## EXTRACTED DATA
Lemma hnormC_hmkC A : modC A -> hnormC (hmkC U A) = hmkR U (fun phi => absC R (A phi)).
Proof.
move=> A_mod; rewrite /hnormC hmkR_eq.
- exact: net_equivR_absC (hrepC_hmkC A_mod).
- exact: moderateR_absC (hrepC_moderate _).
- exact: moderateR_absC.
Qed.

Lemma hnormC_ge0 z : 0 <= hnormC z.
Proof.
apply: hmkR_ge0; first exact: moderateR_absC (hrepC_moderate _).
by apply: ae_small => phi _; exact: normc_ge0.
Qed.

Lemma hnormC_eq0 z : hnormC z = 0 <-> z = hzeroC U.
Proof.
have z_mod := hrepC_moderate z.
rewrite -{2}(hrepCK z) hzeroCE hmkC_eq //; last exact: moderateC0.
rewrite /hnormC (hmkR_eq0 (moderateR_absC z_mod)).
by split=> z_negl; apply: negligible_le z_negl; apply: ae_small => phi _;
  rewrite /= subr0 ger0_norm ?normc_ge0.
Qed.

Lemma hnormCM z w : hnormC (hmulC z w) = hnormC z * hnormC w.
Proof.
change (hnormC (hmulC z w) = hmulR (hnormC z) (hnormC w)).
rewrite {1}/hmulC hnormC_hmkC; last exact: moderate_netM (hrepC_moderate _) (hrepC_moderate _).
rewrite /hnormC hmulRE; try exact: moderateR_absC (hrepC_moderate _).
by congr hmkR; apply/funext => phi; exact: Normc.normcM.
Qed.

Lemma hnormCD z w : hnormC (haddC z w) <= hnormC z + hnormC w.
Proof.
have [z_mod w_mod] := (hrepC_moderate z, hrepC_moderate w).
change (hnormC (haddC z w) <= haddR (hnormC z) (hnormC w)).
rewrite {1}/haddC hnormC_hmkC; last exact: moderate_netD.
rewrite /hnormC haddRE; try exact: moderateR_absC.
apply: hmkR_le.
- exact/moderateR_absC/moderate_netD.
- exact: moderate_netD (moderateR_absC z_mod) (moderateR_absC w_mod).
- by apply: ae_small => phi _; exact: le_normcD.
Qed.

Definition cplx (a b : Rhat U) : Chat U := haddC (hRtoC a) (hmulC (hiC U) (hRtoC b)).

...

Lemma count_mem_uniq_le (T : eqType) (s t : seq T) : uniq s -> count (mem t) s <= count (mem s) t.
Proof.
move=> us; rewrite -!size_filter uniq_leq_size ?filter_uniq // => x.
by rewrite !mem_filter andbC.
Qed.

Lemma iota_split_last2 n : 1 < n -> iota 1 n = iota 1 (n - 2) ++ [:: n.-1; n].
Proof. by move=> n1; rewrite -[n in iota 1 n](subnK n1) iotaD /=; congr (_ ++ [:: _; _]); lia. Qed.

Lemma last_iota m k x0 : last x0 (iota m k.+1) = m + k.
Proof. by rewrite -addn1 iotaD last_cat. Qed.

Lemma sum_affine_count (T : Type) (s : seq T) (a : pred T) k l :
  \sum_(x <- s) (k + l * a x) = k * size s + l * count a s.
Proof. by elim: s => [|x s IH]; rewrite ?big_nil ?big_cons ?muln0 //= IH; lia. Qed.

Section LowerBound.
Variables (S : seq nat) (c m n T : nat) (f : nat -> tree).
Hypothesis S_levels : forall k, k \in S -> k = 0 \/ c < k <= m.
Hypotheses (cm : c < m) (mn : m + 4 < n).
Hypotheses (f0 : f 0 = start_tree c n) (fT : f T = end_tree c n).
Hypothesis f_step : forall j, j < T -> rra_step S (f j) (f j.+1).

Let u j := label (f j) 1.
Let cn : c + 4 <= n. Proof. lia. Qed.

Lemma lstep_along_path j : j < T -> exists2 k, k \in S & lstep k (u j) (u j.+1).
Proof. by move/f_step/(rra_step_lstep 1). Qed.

## TASK STATEMENT
Going back over the entries above, copy word for word every line from the one that has "rewrite /= subr0 ger0_norm ?normc_ge0." on through the one that has "rewrite /hnormC hmulRE;".

## RESULT
  rewrite /= subr0 ger0_norm ?normc_ge0.
Qed.

Lemma hnormCM z w : hnormC (hmulC z w) = hnormC z * hnormC w.
Proof.
change (hnormC (hmulC z w) = hmulR (hnormC z) (hnormC w)).
rewrite {1}/hmulC hnormC_hmkC; last exact: moderate_netM (hrepC_moderate _) (hrepC_moderate _).
rewrite /hnormC hmulRE; try exact: moderateR_absC (hrepC_moderate _).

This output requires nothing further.